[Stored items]

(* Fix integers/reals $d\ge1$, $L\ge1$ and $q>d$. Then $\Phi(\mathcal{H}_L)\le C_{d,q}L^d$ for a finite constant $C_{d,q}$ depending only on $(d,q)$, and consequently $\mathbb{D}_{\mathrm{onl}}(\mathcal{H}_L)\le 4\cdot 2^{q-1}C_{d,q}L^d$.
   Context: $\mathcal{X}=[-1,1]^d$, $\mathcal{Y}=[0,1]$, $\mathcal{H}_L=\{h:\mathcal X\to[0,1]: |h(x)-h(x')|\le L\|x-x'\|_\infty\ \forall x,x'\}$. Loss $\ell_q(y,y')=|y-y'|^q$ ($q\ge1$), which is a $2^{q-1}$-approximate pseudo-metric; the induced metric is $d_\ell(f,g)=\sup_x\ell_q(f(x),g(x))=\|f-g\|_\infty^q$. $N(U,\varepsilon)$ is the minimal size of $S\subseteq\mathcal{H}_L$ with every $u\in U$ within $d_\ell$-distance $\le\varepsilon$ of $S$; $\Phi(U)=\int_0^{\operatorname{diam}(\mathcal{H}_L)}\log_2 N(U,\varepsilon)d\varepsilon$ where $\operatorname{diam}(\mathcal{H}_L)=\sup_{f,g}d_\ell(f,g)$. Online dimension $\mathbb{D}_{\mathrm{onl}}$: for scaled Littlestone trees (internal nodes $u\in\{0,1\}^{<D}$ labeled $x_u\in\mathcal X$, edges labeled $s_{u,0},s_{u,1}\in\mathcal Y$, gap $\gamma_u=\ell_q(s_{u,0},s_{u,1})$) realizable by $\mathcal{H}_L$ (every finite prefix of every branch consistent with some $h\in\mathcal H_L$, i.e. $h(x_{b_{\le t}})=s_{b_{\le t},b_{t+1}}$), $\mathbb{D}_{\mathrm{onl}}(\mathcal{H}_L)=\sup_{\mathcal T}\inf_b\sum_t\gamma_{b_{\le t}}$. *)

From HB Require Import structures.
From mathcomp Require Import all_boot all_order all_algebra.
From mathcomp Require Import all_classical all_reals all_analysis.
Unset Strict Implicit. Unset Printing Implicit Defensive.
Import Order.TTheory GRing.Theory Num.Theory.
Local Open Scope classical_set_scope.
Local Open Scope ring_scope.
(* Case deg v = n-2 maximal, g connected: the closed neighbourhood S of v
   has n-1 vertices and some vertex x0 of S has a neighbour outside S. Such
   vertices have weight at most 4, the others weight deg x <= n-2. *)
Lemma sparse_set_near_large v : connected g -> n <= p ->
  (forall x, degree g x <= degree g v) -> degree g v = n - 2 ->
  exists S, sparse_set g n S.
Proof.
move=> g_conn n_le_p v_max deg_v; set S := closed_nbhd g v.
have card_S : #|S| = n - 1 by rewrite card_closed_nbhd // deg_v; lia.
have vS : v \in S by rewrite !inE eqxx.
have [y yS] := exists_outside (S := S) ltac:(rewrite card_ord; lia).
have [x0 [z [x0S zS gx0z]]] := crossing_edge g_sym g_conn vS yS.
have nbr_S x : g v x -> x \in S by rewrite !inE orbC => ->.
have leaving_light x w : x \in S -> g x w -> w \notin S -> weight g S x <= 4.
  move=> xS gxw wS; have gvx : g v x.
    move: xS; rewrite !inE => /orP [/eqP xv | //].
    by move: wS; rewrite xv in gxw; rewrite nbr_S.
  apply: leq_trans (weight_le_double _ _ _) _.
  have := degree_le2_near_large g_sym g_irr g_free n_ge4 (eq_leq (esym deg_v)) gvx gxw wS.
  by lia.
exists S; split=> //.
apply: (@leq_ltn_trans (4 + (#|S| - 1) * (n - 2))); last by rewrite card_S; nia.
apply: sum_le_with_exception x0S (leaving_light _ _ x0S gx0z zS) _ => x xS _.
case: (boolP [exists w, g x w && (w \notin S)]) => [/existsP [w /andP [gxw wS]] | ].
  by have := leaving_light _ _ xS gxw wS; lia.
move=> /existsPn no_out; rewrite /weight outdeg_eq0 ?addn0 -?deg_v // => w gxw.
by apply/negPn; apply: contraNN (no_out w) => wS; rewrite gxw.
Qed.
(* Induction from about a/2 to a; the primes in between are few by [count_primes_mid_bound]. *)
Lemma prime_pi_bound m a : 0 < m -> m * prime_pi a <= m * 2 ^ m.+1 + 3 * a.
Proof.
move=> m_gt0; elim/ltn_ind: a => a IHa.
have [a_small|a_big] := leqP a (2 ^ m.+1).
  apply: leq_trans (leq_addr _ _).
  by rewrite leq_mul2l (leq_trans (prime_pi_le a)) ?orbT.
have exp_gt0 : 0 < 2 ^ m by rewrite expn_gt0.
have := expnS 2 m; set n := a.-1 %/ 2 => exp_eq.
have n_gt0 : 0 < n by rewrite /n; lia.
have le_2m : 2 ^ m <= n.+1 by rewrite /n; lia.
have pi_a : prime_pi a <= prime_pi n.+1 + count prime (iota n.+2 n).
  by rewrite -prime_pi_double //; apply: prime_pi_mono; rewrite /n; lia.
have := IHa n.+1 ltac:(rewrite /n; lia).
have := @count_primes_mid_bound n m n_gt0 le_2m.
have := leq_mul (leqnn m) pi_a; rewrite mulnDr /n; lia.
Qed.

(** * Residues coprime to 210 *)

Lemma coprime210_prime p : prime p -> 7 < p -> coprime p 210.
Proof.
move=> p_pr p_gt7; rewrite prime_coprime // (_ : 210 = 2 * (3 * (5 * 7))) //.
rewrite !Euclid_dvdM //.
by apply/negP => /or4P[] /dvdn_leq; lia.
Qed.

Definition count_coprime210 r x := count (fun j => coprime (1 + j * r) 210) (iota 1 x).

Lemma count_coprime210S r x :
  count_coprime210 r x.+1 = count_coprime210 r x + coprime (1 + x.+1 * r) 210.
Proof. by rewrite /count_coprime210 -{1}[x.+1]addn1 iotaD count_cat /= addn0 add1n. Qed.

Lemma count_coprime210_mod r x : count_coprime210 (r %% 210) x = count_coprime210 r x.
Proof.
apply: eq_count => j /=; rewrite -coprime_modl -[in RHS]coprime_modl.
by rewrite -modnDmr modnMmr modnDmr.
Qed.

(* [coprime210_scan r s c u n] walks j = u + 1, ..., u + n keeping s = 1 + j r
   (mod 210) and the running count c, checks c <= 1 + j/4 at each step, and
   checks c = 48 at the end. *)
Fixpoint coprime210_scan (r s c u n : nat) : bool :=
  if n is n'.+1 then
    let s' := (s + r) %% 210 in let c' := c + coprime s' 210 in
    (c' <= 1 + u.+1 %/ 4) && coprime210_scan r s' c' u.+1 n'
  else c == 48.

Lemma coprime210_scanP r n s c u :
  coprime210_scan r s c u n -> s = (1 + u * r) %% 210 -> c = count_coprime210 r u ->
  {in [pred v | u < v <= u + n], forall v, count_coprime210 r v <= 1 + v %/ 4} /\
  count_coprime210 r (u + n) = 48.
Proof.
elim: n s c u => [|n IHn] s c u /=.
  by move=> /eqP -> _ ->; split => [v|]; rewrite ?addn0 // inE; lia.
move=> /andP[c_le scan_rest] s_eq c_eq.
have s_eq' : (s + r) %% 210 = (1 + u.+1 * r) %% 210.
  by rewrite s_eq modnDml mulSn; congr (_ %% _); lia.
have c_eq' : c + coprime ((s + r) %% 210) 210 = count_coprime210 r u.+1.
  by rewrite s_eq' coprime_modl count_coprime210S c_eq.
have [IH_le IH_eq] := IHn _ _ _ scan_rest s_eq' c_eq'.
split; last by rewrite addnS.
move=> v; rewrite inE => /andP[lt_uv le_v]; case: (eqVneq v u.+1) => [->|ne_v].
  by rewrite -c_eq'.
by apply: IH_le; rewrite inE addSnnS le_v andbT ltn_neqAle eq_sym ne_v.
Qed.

▸ **EXERCISE DESCRIPTION**:
Give the exact lines, and only those, from the line containing "have s_eq' : (s" through the line containing "have [IH_le IH_eq]" in the entries above.

▸ **COMPLETED EXERCISE**:
have s_eq' : (s + r) %% 210 = (1 + u.+1 * r) %% 210.
  by rewrite s_eq modnDml mulSn; congr (_ %% _); lia.
have c_eq' : c + coprime ((s + r) %% 210) 210 = count_coprime210 r u.+1.
  by rewrite s_eq' coprime_modl count_coprime210S c_eq.
have [IH_le IH_eq] := IHn _ _ _ scan_rest s_eq' c_eq'.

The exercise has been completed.